We've outlawed lottery tickets in our family Yankee Swaps, Hypnotiq.  They just don't require any imagination or effort!  The most fun gift so far for us has been Flat Danno.  You know about Flat Stanley?  Well, two of my sisters work in a print shop and they cooked up Flat Danno.  Danno, one of my nephews, was 17 at the time and they chose him randomly.  They printed a lifesize pic and mounted it on cardboard with a stand; for the past three years Flat Danno's been passed around and every couple months somebody puts a pic of Flat Danno on Facebook to show us what he's been up to.


----------



## Rob&Carol Q

ampaholic said:


> I love Ruth's as well - anyone reading this should read Ruth Fertel's "story".
> 
> I know what's for dinner at Beach Walk when I get there
> 
> A "Waikiki strip" :hysterical: :rofl: :hysterical:



I seem to vaguely recall a "Waikiki Strip" but I am remembering 8 very drunk Jarheads, one equally drunk Corpsman, a pineapple, a surfboard, and one good ol' country boy shouting "Hey Y'all, Watch This" to start the ball rolling.

Bond was only $50 each which eventually became the fine...but the Sgt Major, while amused, thrashed them for weeks!  Kind of a permanent voluntold working party.

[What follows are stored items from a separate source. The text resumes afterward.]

(* Let $A\in\mathbb{R}^{m\times n}$ with $m\ge n$ and with nonzero rows $a_1^\top,\dots,a_m^\top$, let $x\in\mathbb{R}^n$ and set $b:=Ax\in\mathbb{R}^m$ (so $x$ solves the consistent system $Ax=b$). Fix $\beta\in[0,1)$, $M\in[0,1]$ and $l\in\{1,\dots,n\}$. Let $\sigma_l$ be the $l$-th largest singular value of $A$ and $v_l$ an associated right singular vector. Given $x_0\in\mathbb{R}^n$ and $y_0=0\in\mathbb{R}^n$, define for $k=0,1,2,\dots$ $$x_{k+1}=x_k+\frac{b_{i_k}-\langle x_k,a_{i_k}\rangle}{\|a_{i_k}\|_2^2}a_{i_k}+My_k,\qquad y_{k+1}=\beta y_k+(1-\beta)(x_{k+1}-x_k),$$ where the indices $i_0,i_1,\dots$ are chosen independently, each equal to $i\in\{1,\dots,m\}$ with probability $\|a_i\|_2^2/\|A\|_F^2$. Set $$r:=1-\frac{\sigma_l^2}{\|A\|_F^2}+M(1-\beta),\qquad \zeta:=M(1-\beta)^2.$$ Then for all $k\ge 0$, $$\mathbb{E}\langle x_{k+1}-x,v_l\rangle=\begin{bmatrix} r\\ \zeta\end{bmatrix}^\top\begin{bmatrix} r&\zeta\\ -1&\beta\end{bmatrix}^k\begin{bmatrix}1\\ \frac{-1}{1-\beta}\end{bmatrix}\langle x_0-x,v_l\rangle .$$
   Context: $\|\cdot\|_2$ is the Euclidean norm, $\langle\cdot,\cdot\rangle$ the standard inner product, $\|A\|_F$ the Frobenius norm, $b_i$ the $i$-th entry of $b$. The expectation is over the random indices $i_0,\dots,i_k$. The iteration above is called randomized Kaczmarz with geometrically smoothed momentum (KGSM). *)

From HB Require Import structures.
From mathcomp Require Import all_boot all_order all_algebra.
From mathcomp Require Import reals.
Set Implicit Arguments. Unset Strict Implicit. Unset Printing Implicit Defensive.
Import Order.TTheory GRing.Theory Num.Theory.
Local Open Scope ring_scope.

Section KGSM.
Variable R : realType.

Definition dotv n (u v : 'cV[R]_n) : R := \sum_(j < n) u j 0 * v j 0.

Definition frob2 m n (A : 'M[R]_(m, n)) : R := \sum_(i < m) \sum_(j < n) A i j ^+ 2.

Definition arow m n (A : 'M[R]_(m, n)) (i : 'I_m) : 'cV[R]_n := (row i A)^T.

Definition kprob m n (A : 'M[R]_(m, n)) (i : 'I_m) : R :=
  dotv (arow A i) (arow A i) / frob2 A.

Definition rect_diag m n (s : 'I_n -> R) : 'M[R]_(m, n) :=
  \matrix_(i < m, j < n) (if val i == val j then s j else 0).

Definition is_svd m n (A : 'M[R]_(m, n)) (U : 'M[R]_m) (s : 'I_n -> R)
  (V : 'M[R]_n) : Prop :=
  [/\ U^T *m U = 1%:M, V^T *m V = 1%:M,
      (forall j, 0 <= s j),
      (forall j k : 'I_n, (j <= k)%N -> s k <= s j) &
      A = U *m rect_diag m s *m V^T].

Definition kgsm_step m n (A : 'M[R]_(m, n)) (b : 'cV[R]_m) (M beta : R)
  (st : 'cV[R]_n * 'cV[R]_n) (i : 'I_m) : 'cV[R]_n * 'cV[R]_n :=
  let: (xk, yk) := st in
  let a := arow A i in
  let xk1 := xk + ((b i 0 - dotv xk a) / dotv a a) *: a + M *: yk in
  (xk1, beta *: yk + (1 - beta) *: (xk1 - xk)).

Definition kgsm_run m n (A : 'M[R]_(m, n)) (b : 'cV[R]_m) (M beta : R)
  (x0 : 'cV[R]_n) (s : seq 'I_m) : 'cV[R]_n * 'cV[R]_n :=
  foldl (kgsm_step A b M beta) (x0, 0) s.

Definition kexp m n (A : 'M[R]_(m, n)) (k : nat) (f : seq 'I_m -> R) : R :=
  \sum_(t : k.-tuple 'I_m) (\prod_(i <- t) kprob A i) * f t.

Definition mx2 (a b c d : R) : 'M[R]_2 :=
  \matrix_(i < 2, j < 2)
    (if val i == 0%N then (if val j == 0%N then a else b)
     else (if val j == 0%N then c else d)).

Definition rv2 (a b : R) : 'rV[R]_2 := \row_(j < 2) (if val j == 0%N then a else b).
Definition cv2 (a b : R) : 'cV[R]_2 := \col_(i < 2) (if val i == 0%N then a else b).

End KGSM.

From HB Require Import structures.
From mathcomp Require Import all_boot all_order all_algebra.
From mathcomp Require Import reals ring.
Set Implicit Arguments. Unset Strict Implicit. Unset Printing Implicit Defensive.
Import Order.TTheory GRing.Theory Num.Theory.
Local Open Scope ring_scope.

(* Conditioning on the last index, the Kaczmarz projection averages to
   [A^T A / ||A||_F^2], and [A^T A v_l = sigma_l^2 v_l]; hence the pair
   ([E <x_k - x, v_l>], [E <y_k, v_l>]) follows a linear recursion with a fixed
   2x2 matrix.  Eliminating the momentum coordinate, [E <x_k - x, v_l>] obeys a
   second-order recurrence whose characteristic polynomial is that of
   [[r, zeta], [-1, beta]].  By Cayley-Hamilton the right-hand side obeys the
   same recurrence, and both sides agree for k = 0 and k = 1. *)

Lemma eq_linrec2 (R : pzRingType) (a c : R) (f g : nat -> R) :
  (forall j, f j.+2 = a * f j.+1 + c * f j) ->
  (forall j, g j.+2 = a * g j.+1 + c * g j) ->
  f 0%N = g 0%N -> f 1%N = g 1%N -> forall j, f j = g j.
Proof.
move=> f_rec g_rec fg0 fg1.
suff fgS j : f j = g j /\ f j.+1 = g j.+1 by move=> j; case: (fgS j).
elim: j => [|j [fgj fgj1]]; first by [].
by split=> //; rewrite f_rec g_rec fgj fgj1.
Qed.

Section InnerProduct.
Variable R : realType.

Lemma dotvC n (u w : 'cV[R]_n) : dotv u w = dotv w u.
Proof. by rewrite /dotv; apply: eq_bigr => j _; rewrite mulrC. Qed.

Lemma dotvDl n (u u' w : 'cV[R]_n) : dotv (u + u') w = dotv u w + dotv u' w.
Proof. by rewrite /dotv -big_split; apply: eq_bigr => j _; rewrite mxE mulrDl. Qed.

Lemma dotvZl n a (u w : 'cV[R]_n) : dotv (a *: u) w = a * dotv u w.
Proof. by rewrite /dotv mulr_sumr; apply: eq_bigr => j _; rewrite mxE mulrA. Qed.

Lemma dotvZr n a (u w : 'cV[R]_n) : dotv u (a *: w) = a * dotv u w.
Proof. by rewrite dotvC dotvZl dotvC. Qed.

Lemma dotvBl n (u u' w : 'cV[R]_n) : dotv (u - u') w = dotv u w - dotv u' w.
Proof. by rewrite dotvDl -scaleN1r dotvZl mulN1r. Qed.

Lemma dotv0l n (w : 'cV[R]_n) : dotv 0 w = 0.
Proof. by rewrite -(scale0r 0) dotvZl mul0r. Qed.

Lemma dotvv_ge0 n (u : 'cV[R]_n) : 0 <= dotv u u.
Proof. by rewrite /dotv sumr_ge0 // => j _; rewrite -expr2 sqr_ge0. Qed.

Lemma dotvv_eq0 n (u : 'cV[R]_n) : (dotv u u == 0) = (u == 0).
Proof.
apply/eqP/eqP => [uu0|->]; last exact: dotv0l.
apply/matrixP => j z; rewrite ord1 mxE; apply/eqP; rewrite -sqrf_eq0 expr2.
by apply/eqP/(psumr_eq0P _ uu0) => // i _; rewrite -expr2 sqr_ge0.
Qed.

Lemma dotv_arow m n (A : 'M[R]_(m, n)) (u : 'cV[R]_n) i :
  dotv (arow A i) u = (A *m u) i 0.
Proof. by rewrite /dotv mxE; apply: eq_bigr => j _; rewrite !mxE. Qed.

Lemma dotv_gram m n (A : 'M[R]_(m, n)) (u w : 'cV[R]_n) :
  dotv u (A^T *m (A *m w)) = \sum_i dotv u (arow A i) * dotv (arow A i) w.
Proof.
under [RHS]eq_bigr do rewrite dotvC !dotv_arow.
rewrite /dotv; under [LHS]eq_bigr do rewrite mxE mulr_sumr.
rewrite exchange_big; apply: eq_bigr => i _.
rewrite [(A *m u) i 0]mxE mulr_suml; apply: eq_bigr => j _.
by rewrite [A^T _ _]mxE mulrA [u j 0 * _]mulrC.
Qed.
End InnerProduct.

Section SingularVectors.
Variable R : realType.

Lemma rect_diag_gram m n (s : 'I_n -> R) : (n <= m)%N ->
  (rect_diag m s)^T *m rect_diag m s = diag_mx (\row_j s j ^+ 2).
Proof.
move=> le_nm; apply/matrixP => j k; rewrite !mxE.
rewrite (bigD1 (widen_ord le_nm j)) //= big1 => [|i ij]; last first.
  rewrite !mxE; case: eqP => [eq_ij|]; last by rewrite mul0r.
  by case/eqP: ij; apply: val_inj.
rewrite !mxE /= eqxx addr0; case: (eqVneq j k) => [->|jk].
  by rewrite eqxx mulr1n expr2.
by rewrite (inj_eq val_inj) (negPf jk) mulr0 mulr0n.
Qed.

Lemma svd_gram_col m n (A : 'M[R]_(m, n)) U s V (l : 'I_n) :
  (n <= m)%N -> is_svd A U s V ->
  A^T *m (A *m col l V) = s l ^+ 2 *: col l V.
Proof.
move=> le_nm [UU VV _ _ ->].
have VVl : V^T *m col l V = delta_mx l 0 by rewrite colE mulmxA VV mul1mx.
rewrite !trmx_mul trmxK !mulmxA -(mulmxA _ U^T) UU mulmx1.
rewrite -(mulmxA _ _ (col l V)) VVl -(mulmxA V) rect_diag_gram // mul_mx_diag.
by apply/matrixP => i j; rewrite ord1 !mxE (bigD1 l) //= big1 => [|k /negPf kl];
  rewrite !mxE ?eqxx ?kl ?mulr0 ?addr0 ?mulr1 1?mulrC.
Qed.

End SingularVectors.

Lemma sum_tuple_rcons (V : nmodType) (T : finType) k (F : k.+1.-tuple T -> V) :
  \sum_(t : k.+1.-tuple T) F t =
  \sum_(t : k.-tuple T) \sum_(j : T) F [tuple of rcons t j].
Proof.
rewrite pair_big /=.
pose h (p : k.-tuple T * T) : k.+1.-tuple T := [tuple of rcons p.1 p.2].
pose g (t : k.+1.-tuple T) : k.-tuple T * T :=
  ([tuple of belast (thead t) (behead_tuple t)], last (thead t) (behead_tuple t)).
have t_eta (t : k.+1.-tuple T) : tval t = thead t :: behead t.
  by rewrite [in LHS](tuple_eta t).
rewrite (reindex h) /=; first by apply: eq_bigr => -[].
exists g => [[t j] _|t _]; last by apply/val_inj; rewrite /= -lastI -t_eta.
have := t_eta (h (t, j)); rewrite lastI /= => /rcons_inj[t_eq j_eq].
by congr pair; [apply/val_inj; rewrite /= -t_eq | rewrite /= -j_eq].
Qed.

Section Sampling.
Variables (R : realType) (m n : nat) (A : 'M[R]_(m, n)).

Lemma frob2E : frob2 A = \sum_i dotv (arow A i) (arow A i).
Proof. by apply: eq_bigr => i _; apply: eq_bigr => j _; rewrite !mxE expr2. Qed.

Lemma dotv_arow_neq0 i : row i A != 0 -> dotv (arow A i) (arow A i) != 0.
Proof. by rewrite dotvv_eq0 trmx_eq0. Qed.

Lemma frob2_neq0 i : row i A != 0 -> frob2 A != 0.
Proof.
move=> /dotv_arow_neq0; apply: contra; rewrite frob2E => /eqP A0.
by apply/eqP/(psumr_eq0P _ A0) => // j _; apply: dotvv_ge0.
Qed.

Lemma sum_kprob : frob2 A != 0 -> \sum_i kprob A i = 1.
Proof. by move=> A0; rewrite /kprob -mulr_suml -frob2E divff. Qed.

Lemma eq_kexp k (f g : seq 'I_m -> R) :
  (forall s, f s = g s) -> kexp A k f = kexp A k g.
Proof. by move=> fg; apply: eq_bigr => t _; rewrite fg. Qed.

Lemma kexp_lincomb k (f g : seq 'I_m -> R) a c :
  kexp A k (fun t => a * f t + c * g t) = a * kexp A k f + c * kexp A k g.
Proof.
rewrite /kexp !mulr_sumr -big_split; apply: eq_bigr => t _ /=.
by rewrite mulrDr !mulrA ![_ * (\prod_(i <- _) _)]mulrC.
Qed.

Lemma kexp0 (f : seq 'I_m -> R) : kexp A 0 f = f [::].
Proof.
rewrite /kexp (eq_bigr (fun _ => f [::])) => [|t _].
  by rewrite sumr_const card_tuple expn0.
by rewrite (tuple0 t) big_nil mul1r.
Qed.

Lemma kexp_rcons k (f : seq 'I_m -> R) :
  kexp A k.+1 f = kexp A k (fun t => \sum_j kprob A j * f (rcons t j)).
Proof.
rewrite /kexp sum_tuple_rcons; apply: eq_bigr => t _.
by rewrite mulr_sumr; apply: eq_bigr => j _; rewrite /= big_rcons mulrA.
Qed.

Lemma kgsm_run_rcons b M beta x0 s j :
  kgsm_run A b M beta x0 (rcons s j) =
  kgsm_step A b M beta (kgsm_run A b M beta x0 s) j.
Proof. exact: foldl_rcons. Qed.

End Sampling.

Section TwoByTwo.
Variable R : realType.

Lemma mx2_sqr (a b c d : R) :
  mx2 a b c d ^+ 2 = (a + d) *: mx2 a b c d - (a * d - b * c) *: 1.
Proof.
apply/matrixP => i j; rewrite !mxE !big_ord_recl big_ord0 /= !mxE /=.
by case: i => [[|[|?]] ?] //=; case: j => [[|[|?]] ?] //=; ring.
Qed.

Lemma mx2_exprSS (a b c d : R) (u : 'rV[R]_2) (w : 'cV[R]_2) j :
  let G i := (u *m mx2 a b c d ^+ i *m w) 0 0 in
  G j.+2 = (a + d) * G j.+1 - (a * d - b * c) * G j.
Proof.
rewrite /= [_ ^+ j.+2]exprSr exprSr -mulrA -expr2 mx2_sqr mulrBr -!scalerAr.
rewrite mulr1 -exprSr mulmxBr mulmxBl -!scalemxAr -!scalemxAl.
by set P := u *m _ *m w; set Q := u *m _ *m w; rewrite !mxE.
Qed.

Lemma rv2_cv2 (a b c d : R) : (rv2 a b *m cv2 c d) 0 0 = a * c + b * d.
Proof. by rewrite !mxE !big_ord_recl big_ord0 /= !mxE /= addr0. Qed.

Lemma rv2_mx2 (a b p q u w : R) :
  rv2 a b *m mx2 p q u w = rv2 (a * p + b * u) (a * q + b * w).
Proof.
apply/matrixP => i j; rewrite !mxE !big_ord_recl big_ord0 /= !mxE /=.
by case: j => [[|[|?]] ?] //=; rewrite addr0.
Qed.

End TwoByTwo.

Section KGSMMeans.
Variables (R : realType) (m n : nat) (A : 'M[R]_(m, n)).
Variables (x v : 'cV[R]_n) (M beta lambda : R).
Hypothesis m_gt0 : (0 < m)%N.
Hypothesis rowsA : forall i, row i A != 0.
Hypothesis gram_v : A^T *m (A *m v) = lambda *: v.

Local Notation step := (kgsm_step A (A *m x) M beta).
Local Notation err st := (dotv (st.1 - x) v).
Local Notation mom st := (dotv st.2 v).
Local Notation c := (1 - lambda / frob2 A).

Let frob2A_neq0 : frob2 A != 0 := frob2_neq0 (rowsA (Ordinal m_gt0)).

Lemma mean_step_err st :
  \sum_j kprob A j * err (step st j) = c * err st + M * mom st.
Proof.
case: st => xk yk /=.
have step_j j : kprob A j * err (step (xk, yk) j) =
    kprob A j * (dotv (xk - x) v + M * dotv yk v)
    - dotv (xk - x) (arow A j) * dotv (arow A j) v / frob2 A.
  have aj_neq0 := dotv_arow_neq0 (rowsA j).
  rewrite /= -dotv_arow !dotvBl !dotvDl !dotvZl /kprob.
  rewrite [dotv xk (arow A j)]dotvC [dotv x (arow A j)]dotvC.
  by field; apply/andP.
rewrite (eq_bigr _ (fun j _ => step_j j)) sumrB -mulr_suml sum_kprob // mul1r.
by rewrite -mulr_suml -dotv_gram gram_v dotvZr; field.
Qed.

Lemma mom_step st j :
  mom (step st j) = beta * mom st + (1 - beta) * (err (step st j) - err st).
Proof.
by case: st => xk yk; rewrite /= [LHS]dotvDl !dotvZl -dotvBl opprB addrA subrK.
Qed.

Lemma mean_step_mom st :
  \sum_j kprob A j * mom (step st j) =
  beta * mom st + (1 - beta) * ((c - 1) * err st + M * mom st).
Proof.
transitivity (\sum_j kprob A j * (beta * mom st - (1 - beta) * err st)
  + \sum_j (1 - beta) * (kprob A j * err (step st j))).
  by rewrite -big_split; apply: eq_bigr => j _ /=; rewrite mom_step; ring.
by rewrite -mulr_suml -mulr_sumr sum_kprob // mul1r mean_step_err; ring.
Qed.

Variable x0 : 'cV[R]_n.
Local Notation run := (kgsm_run A (A *m x) M beta x0).
Local Notation Eerr j := (kexp A j (fun t => err (run t))).
Local Notation Emom j := (kexp A j (fun t => mom (run t))).

Lemma mean_err_succ j : Eerr j.+1 = c * Eerr j + M * Emom j.
Proof.
rewrite kexp_rcons -kexp_lincomb; apply: eq_kexp => t.
by under eq_bigr do rewrite kgsm_run_rcons; rewrite mean_step_err.
Qed.

Lemma mean_mom_succ j :
  Emom j.+1 = (1 - beta) * (c - 1) * Eerr j + (beta + (1 - beta) * M) * Emom j.
Proof.
rewrite kexp_rcons -kexp_lincomb; apply: eq_kexp => t.
by under eq_bigr do rewrite kgsm_run_rcons; rewrite mean_step_mom; ring.
Qed.

Lemma mean_err_rec2 j :
  Eerr j.+2 = (c + M * (1 - beta) + beta) * Eerr j.+1
              - (c * beta + M * (1 - beta)) * Eerr j.
Proof. by rewrite !mean_err_succ mean_mom_succ; ring. Qed.

Lemma mean_err_init :
  Eerr 1%N = c * dotv (x0 - x) v /\
  Eerr 2%N = (c * c + M * (1 - beta) * (c - 1)) * dotv (x0 - x) v.
Proof.
have Emom0 : Emom 0 = 0 by rewrite kexp0 dotv0l.
by rewrite !mean_err_succ mean_mom_succ Emom0 kexp0; split; ring.
Qed.

End KGSMMeans.

Theorem theorem1p1 (R : realType) (m n : nat) (A : 'M[R]_(m, n))
  (x : 'cV[R]_n) (beta M : R) (l : 'I_n)
  (U : 'M[R]_m) (s : 'I_n -> R) (V : 'M[R]_n) (x0 : 'cV[R]_n) (k : nat) :
  (n <= m)%N ->
  (forall i : 'I_m, row i A != 0) ->
  0 <= beta -> beta < 1 -> 0 <= M -> M <= 1 ->
  is_svd A U s V ->
  let b := A *m x in
  let sigma := s l in
  let v := col l V in
  let r := 1 - sigma ^+ 2 / frob2 A + M * (1 - beta) in
  let zeta := M * (1 - beta) ^+ 2 in
  kexp A k.+1 (fun t => dotv ((kgsm_run A b M beta x0 t).1 - x) v)
  = (rv2 r zeta *m (mx2 r zeta (-1) beta) ^+ k *m cv2 1 (- 1 / (1 - beta))) 0 0
    * dotv (x0 - x) v.
Proof.
move=> le_nm rowsA _ beta_lt1 _ _ svdA b sigma v r zeta.
have m_gt0 : (0 < m)%N := leq_ltn_trans (leq0n l) (leq_trans (ltn_ord l) le_nm).
have frob2A_neq0 := frob2_neq0 (rowsA (Ordinal m_gt0)).
have beta_neq1 : 1 - beta != 0 by rewrite subr_eq0 eq_sym lt_eqF.
have gram_v := svd_gram_col l le_nm svdA.
have [E1 E2] := mean_err_init x M beta m_gt0 rowsA gram_v x0.
pose G j :=
  (rv2 r zeta *m mx2 r zeta (-1) beta ^+ j *m cv2 1 (- 1 / (1 - beta))) 0 0.
pose E j := kexp A j (fun t => dotv ((kgsm_run A b M beta x0 t).1 - x) v).
apply: (@eq_linrec2 _ (r + beta) (- (r * beta + zeta))
  (fun j => E j.+1) (fun j => G j * dotv (x0 - x) v)) => [j|j||].
- rewrite /E /b (mean_err_rec2 x M beta m_gt0 rowsA gram_v).
  by rewrite /r /zeta /sigma; ring.
- by rewrite /G mx2_exprSS; ring.
- apply: (etrans E1); rewrite /G expr0 mulmx1 rv2_cv2 /r /zeta /sigma.
  by field; apply/andP.
- apply: (etrans E2); rewrite /G expr1 rv2_mx2 rv2_cv2 /r /zeta /sigma.
  by field; apply/andP.
Qed.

Good times assigned to 3rd Marines in K-Bay


----------



## ampaholic

Rob&Carol Q said:


> I seem to vaguely recall a "Waikiki Strip" but I am remembering 8 very drunk Jarheads, one equally drunk Corpsman, a pineapple, a surfboard, and one good ol' country boy shouting "Hey Y'all, Watch This" to start the ball rolling.
> 
> Bond was only $50 each which eventually became the fine...but the Sgt Major, while amused, thrashed them for weeks!  Kind of a permanent voluntold working party.
> 
> Good times assigned to 3rd Marines in K-Bay



Glad someone had a good time at MCB Hawaii - I remember almost the exact same thing ... except it was Saigon Ho Chi Minh City and 5 very drunk Devil Dogs, 3 also very drunk SeaBees, a bicycle rickshaw and a minature pig involved. :hysterical: :hysterical: :hysterical:


----------



## pjrose

I want to know what parts the pineapple and miniature pig played.....or maybe I don't


----------